§ What is required
Using the entries below, copy out all lines where "andP" is found.

§ Exercise materials
● ● ● ●
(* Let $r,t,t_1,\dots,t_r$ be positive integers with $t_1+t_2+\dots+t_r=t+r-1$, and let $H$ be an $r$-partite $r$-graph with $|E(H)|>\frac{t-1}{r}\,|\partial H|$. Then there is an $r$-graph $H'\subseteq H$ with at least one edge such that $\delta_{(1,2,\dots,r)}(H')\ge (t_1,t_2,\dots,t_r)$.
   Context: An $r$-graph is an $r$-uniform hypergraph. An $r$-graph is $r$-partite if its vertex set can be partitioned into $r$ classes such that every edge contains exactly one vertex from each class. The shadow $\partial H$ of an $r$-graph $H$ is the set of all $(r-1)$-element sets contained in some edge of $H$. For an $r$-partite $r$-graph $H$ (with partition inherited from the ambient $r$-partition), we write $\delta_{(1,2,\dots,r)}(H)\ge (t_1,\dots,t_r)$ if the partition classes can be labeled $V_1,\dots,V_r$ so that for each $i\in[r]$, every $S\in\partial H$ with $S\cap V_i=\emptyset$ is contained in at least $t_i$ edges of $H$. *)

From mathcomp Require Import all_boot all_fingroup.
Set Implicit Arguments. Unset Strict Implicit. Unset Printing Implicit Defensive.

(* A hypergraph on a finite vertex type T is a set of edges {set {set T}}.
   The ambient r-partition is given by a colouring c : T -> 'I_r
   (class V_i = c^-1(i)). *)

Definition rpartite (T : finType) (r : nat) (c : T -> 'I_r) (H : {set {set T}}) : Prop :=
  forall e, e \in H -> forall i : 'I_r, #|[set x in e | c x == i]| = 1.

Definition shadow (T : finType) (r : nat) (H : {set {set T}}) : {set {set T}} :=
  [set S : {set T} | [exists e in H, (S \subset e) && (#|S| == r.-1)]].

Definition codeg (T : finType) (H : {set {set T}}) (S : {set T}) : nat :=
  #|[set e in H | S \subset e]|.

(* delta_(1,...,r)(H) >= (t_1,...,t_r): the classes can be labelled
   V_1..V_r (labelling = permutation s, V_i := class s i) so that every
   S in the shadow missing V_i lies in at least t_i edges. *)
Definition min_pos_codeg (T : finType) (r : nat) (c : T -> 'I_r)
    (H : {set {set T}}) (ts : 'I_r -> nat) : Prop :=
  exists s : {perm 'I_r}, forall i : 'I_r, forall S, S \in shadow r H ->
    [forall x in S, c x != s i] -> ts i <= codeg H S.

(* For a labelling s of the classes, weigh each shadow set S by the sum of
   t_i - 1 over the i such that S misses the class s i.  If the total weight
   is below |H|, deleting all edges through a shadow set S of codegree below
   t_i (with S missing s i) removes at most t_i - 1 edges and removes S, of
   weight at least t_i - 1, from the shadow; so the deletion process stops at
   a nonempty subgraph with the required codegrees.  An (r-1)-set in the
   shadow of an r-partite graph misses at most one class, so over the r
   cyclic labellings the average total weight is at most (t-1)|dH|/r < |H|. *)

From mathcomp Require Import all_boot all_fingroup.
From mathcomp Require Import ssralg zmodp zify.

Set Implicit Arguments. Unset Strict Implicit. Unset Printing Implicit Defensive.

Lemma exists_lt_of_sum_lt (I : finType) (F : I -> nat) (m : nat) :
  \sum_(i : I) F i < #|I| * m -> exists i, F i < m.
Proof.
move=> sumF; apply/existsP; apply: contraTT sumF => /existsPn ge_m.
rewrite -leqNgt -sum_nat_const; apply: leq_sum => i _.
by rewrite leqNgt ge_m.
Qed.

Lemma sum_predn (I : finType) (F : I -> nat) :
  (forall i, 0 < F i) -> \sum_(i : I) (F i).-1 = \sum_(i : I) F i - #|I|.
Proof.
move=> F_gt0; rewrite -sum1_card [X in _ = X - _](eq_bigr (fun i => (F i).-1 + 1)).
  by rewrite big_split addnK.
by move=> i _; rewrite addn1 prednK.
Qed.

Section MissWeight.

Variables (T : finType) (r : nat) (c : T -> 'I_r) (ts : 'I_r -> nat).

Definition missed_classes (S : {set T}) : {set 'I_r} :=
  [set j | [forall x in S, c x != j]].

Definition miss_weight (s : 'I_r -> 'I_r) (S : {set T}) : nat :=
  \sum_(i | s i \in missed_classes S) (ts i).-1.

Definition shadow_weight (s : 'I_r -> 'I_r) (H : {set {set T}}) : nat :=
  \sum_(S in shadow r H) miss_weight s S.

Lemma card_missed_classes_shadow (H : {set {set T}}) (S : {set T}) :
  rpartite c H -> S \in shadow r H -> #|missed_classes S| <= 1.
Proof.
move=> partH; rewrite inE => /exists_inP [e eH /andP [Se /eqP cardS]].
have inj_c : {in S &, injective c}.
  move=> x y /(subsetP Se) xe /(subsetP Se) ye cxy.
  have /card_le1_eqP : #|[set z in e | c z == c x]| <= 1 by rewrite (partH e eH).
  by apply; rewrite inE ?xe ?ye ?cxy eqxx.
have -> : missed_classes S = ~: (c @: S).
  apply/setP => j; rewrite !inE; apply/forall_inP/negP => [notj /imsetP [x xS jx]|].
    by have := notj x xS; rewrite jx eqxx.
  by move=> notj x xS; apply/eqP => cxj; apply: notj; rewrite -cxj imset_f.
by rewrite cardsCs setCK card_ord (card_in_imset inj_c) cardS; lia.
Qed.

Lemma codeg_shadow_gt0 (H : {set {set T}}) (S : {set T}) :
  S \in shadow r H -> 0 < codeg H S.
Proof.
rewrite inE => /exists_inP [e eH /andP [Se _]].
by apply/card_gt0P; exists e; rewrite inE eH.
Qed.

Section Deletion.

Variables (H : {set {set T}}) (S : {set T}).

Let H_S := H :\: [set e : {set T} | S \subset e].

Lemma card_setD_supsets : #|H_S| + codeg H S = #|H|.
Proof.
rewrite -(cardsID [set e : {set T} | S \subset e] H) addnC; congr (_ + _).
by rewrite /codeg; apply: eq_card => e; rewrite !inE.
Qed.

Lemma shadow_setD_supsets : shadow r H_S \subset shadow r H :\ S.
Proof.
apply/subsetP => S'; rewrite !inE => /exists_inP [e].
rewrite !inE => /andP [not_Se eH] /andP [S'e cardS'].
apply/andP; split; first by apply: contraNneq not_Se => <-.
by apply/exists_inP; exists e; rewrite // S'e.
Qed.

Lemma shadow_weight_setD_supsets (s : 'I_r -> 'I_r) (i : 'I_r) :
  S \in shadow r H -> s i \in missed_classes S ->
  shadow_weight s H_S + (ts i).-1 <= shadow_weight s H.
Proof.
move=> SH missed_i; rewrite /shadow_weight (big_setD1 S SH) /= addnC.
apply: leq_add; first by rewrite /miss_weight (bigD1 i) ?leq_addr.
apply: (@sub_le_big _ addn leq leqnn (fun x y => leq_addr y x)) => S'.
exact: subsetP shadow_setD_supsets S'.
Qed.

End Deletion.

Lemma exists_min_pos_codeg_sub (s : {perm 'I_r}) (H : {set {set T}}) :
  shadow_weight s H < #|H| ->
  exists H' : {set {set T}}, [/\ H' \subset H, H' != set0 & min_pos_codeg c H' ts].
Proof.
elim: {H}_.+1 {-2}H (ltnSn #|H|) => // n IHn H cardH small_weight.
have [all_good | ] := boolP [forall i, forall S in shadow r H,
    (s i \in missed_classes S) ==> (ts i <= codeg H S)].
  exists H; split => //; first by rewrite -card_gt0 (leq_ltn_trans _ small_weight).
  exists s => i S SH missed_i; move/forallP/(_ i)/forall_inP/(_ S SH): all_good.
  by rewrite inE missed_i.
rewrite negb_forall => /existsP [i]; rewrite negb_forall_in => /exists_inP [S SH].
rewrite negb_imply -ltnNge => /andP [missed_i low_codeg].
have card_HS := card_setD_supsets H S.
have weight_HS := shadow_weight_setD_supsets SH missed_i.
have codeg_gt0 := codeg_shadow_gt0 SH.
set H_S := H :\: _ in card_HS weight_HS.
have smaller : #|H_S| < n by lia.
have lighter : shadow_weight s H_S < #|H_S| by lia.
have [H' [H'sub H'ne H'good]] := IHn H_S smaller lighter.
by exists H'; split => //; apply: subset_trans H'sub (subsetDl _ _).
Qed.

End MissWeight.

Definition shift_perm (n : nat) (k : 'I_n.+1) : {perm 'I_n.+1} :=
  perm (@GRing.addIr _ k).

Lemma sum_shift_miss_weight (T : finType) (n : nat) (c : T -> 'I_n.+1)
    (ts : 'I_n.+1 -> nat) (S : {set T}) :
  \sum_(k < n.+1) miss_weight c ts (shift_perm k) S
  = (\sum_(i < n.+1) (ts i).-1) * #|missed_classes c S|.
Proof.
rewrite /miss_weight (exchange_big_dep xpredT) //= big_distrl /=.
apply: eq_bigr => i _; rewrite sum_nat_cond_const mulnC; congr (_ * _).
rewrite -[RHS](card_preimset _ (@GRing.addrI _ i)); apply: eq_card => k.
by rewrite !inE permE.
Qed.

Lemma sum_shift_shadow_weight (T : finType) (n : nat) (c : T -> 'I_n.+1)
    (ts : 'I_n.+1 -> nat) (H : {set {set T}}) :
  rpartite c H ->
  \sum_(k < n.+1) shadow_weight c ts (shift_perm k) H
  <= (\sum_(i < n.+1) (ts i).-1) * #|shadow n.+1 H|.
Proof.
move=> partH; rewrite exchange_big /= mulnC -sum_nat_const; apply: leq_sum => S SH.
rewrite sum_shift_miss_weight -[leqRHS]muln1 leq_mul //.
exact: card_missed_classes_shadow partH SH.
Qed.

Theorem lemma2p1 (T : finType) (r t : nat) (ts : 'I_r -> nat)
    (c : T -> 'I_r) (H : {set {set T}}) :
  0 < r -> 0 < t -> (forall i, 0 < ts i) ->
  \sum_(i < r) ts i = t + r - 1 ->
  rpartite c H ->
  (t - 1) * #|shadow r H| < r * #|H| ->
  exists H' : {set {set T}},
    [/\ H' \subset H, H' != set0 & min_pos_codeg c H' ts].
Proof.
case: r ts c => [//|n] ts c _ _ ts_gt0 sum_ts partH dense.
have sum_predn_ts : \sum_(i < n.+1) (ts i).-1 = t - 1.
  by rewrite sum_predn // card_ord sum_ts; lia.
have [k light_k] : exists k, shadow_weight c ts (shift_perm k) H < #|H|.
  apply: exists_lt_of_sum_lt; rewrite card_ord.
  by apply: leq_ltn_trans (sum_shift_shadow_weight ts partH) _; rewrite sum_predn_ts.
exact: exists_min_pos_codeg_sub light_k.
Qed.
● ● ● ●
§ Task output
move=> partH; rewrite inE => /exists_inP [e eH /andP [Se /eqP cardS]].
rewrite inE => /exists_inP [e eH /andP [Se _]].
rewrite !inE => /andP [not_Se eH] /andP [S'e cardS'].
apply/andP; split; first by apply: contraNneq not_Se => <-.
rewrite negb_imply -ltnNge => /andP [missed_i low_codeg].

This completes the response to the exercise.